We computationally designed a set of ten siRNA oligonucleotides that target the UTR of SARS-CoV-2 RNA transcripts. Transgenic Vero cells expressing viral RNA-EGFP constructs were generated to evaluate siRNA potency. Generation of cell lines stably expressing plasmids was confirmed by observation of EGFP fluorescence by confocal microscopy and quantification of EGFP+ cells by flow cytometry. The cell line exhibiting the greatest proportion of EGFP+ cells (97%) was selected for evaluation of siRNAs. First, this system was validated by demonstrating efficient knockdown of the viral RNA-EGFP construct with siEGFP as a positive control. EGFP fluorescence was reduced by 68.2% or 56.2% when siEGFP was dosed with lipofectamine or LNPs, respectively. Next, we evaluated our set of ten candidate siRNAs in this viral construct model with transfection via lipofectamine. Of these siRNAs, five resulted in significant (>55%) EGFP knockdown. To test whether the siRNAs behave synergistically to knock down expression, we also transfected with combinations of the top candidates; this approach yielded no beneficial effect. Further studies evaluating different siRNA doses allowed the identification of three promising siRNA sequences for further study. These three siRNAs also exhibited efficient knockdown of viral RNA-EGFP constructs when encapsulated in LNPs. LNP delivery of as little as 10 nM siRNA yielded >60% knockdown. Importantly, in Vero cells infected with SARS-CoV-2 virus, pre-infection treatment with one siRNA candidate via lipofectamine resulted in a 2-log reduction in sub-genomic viral RNA compared to untreated cells.
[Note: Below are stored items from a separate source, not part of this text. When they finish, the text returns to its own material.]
(* Let $\mathcal{L}_1,\mathcal{L}_2\in\mathrm{Mat}_d(\mathbb{Z})$ be irreducible and coprime with $|\det\mathcal{L}_1|=p$, $|\det\mathcal{L}_2|=q$. Let $\Lambda=\mathbb{Z}^d\cap \mathcal{L}_1^{-1}\mathcal{L}_2 \mathbb{Z}^d\cap \mathcal{L}_2^{-1}\mathcal{L}_1 \mathbb{Z}^d$ and $\Gamma_1=\Lambda\cap \mathcal{L}_2^{-1}\mathcal{L}_1\Lambda$. Then $\mathcal{L}_1$ and $\mathcal{L}_2$ induce well-defined group homomorphisms $$\phi_1,\phi_2:\mathbb{Z}^d/\Gamma_1\to \mathbb{Z}^d/\mathcal{L}_1\Lambda,\qquad \phi_i(x+\Gamma_1)=\mathcal{L}_ix+\mathcal{L}_1\Lambda,$$ of finite abelian groups, and $\phi_1+\phi_2$ is an isomorphism. (In particular $\Gamma_1$ has index $p^2q$ in $\mathbb{Z}^d$.)
   Context: Irreducible: there are no non-trivial subspaces $U,V$ of $\mathbb{Q}^d$ of the same dimension with $\mathcal{L}_1U\subseteq V$ and $\mathcal{L}_2U\subseteq V$. Coprime: there are no $\mathcal{P},\mathcal{Q}\in \mathrm{GL}_d(\mathbb{Q})$ with $0<|\det(\mathcal{P})\det(\mathcal{Q})|<1$ such that $\mathcal{P}\mathcal{L}_1\mathcal{Q},\mathcal{P}\mathcal{L}_2\mathcal{Q}\in\mathrm{Mat}_d(\mathbb{Z})$. Under these hypotheses $\Lambda$ is a lattice of index $pq$ in $\mathbb{Z}^d$. *)

(* Vectors of Q^d are column vectors 'cV[rat]_d; Z^d is the
   set of those with integer entries. Subsets of Q^d are predicates. *)
From HB Require Import structures.
From mathcomp Require Import all_boot all_order all_algebra.
Set Implicit Arguments. Unset Strict Implicit. Unset Printing Implicit Defensive.
Import Order.TTheory GRing.Theory Num.Theory.
Local Open Scope ring_scope.

Definition ratmx (m n : nat) (L : 'M[int]_(m, n)) : 'M[rat]_(m, n) :=
  map_mx (fun z : int => z%:~R) L.

Definition intmx (m n : nat) (A : 'M[rat]_(m, n)) : Prop :=
  forall i j, A i j \is a Num.int.

Definition Zd (d : nat) : 'cV[rat]_d -> Prop := fun v => intmx v.

Definition img (d : nat) (M : 'M[rat]_d) (S : 'cV[rat]_d -> Prop)
  : 'cV[rat]_d -> Prop := fun w => exists v, S v /\ w = M *m v.

Definition subsetQ (d : nat) (S T : 'cV[rat]_d -> Prop) : Prop :=
  forall v, S v -> T v.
Implications: Overall, inhalation RNAi therapy is a promising strategy to manage viral infections. We demonstrate an approach to stabilize LNPs during nebulization which will enable RNAi therapies against SARS-CoV-2 and other respiratory viruses. Insights gained from these studies may be applicable for stabilization of nanoparticle systems for pulmonary delivery. siRNAs designed in the present work showed promise through knockdown of model viral RNA constructs in vitro. Further studies will evaluate this delivery strategy for efficacy in an in vivo model of viral infection. The ability to effectively deliver potent RNAi via inhalation could be broadly clinically useful for a range of respiratory diseases.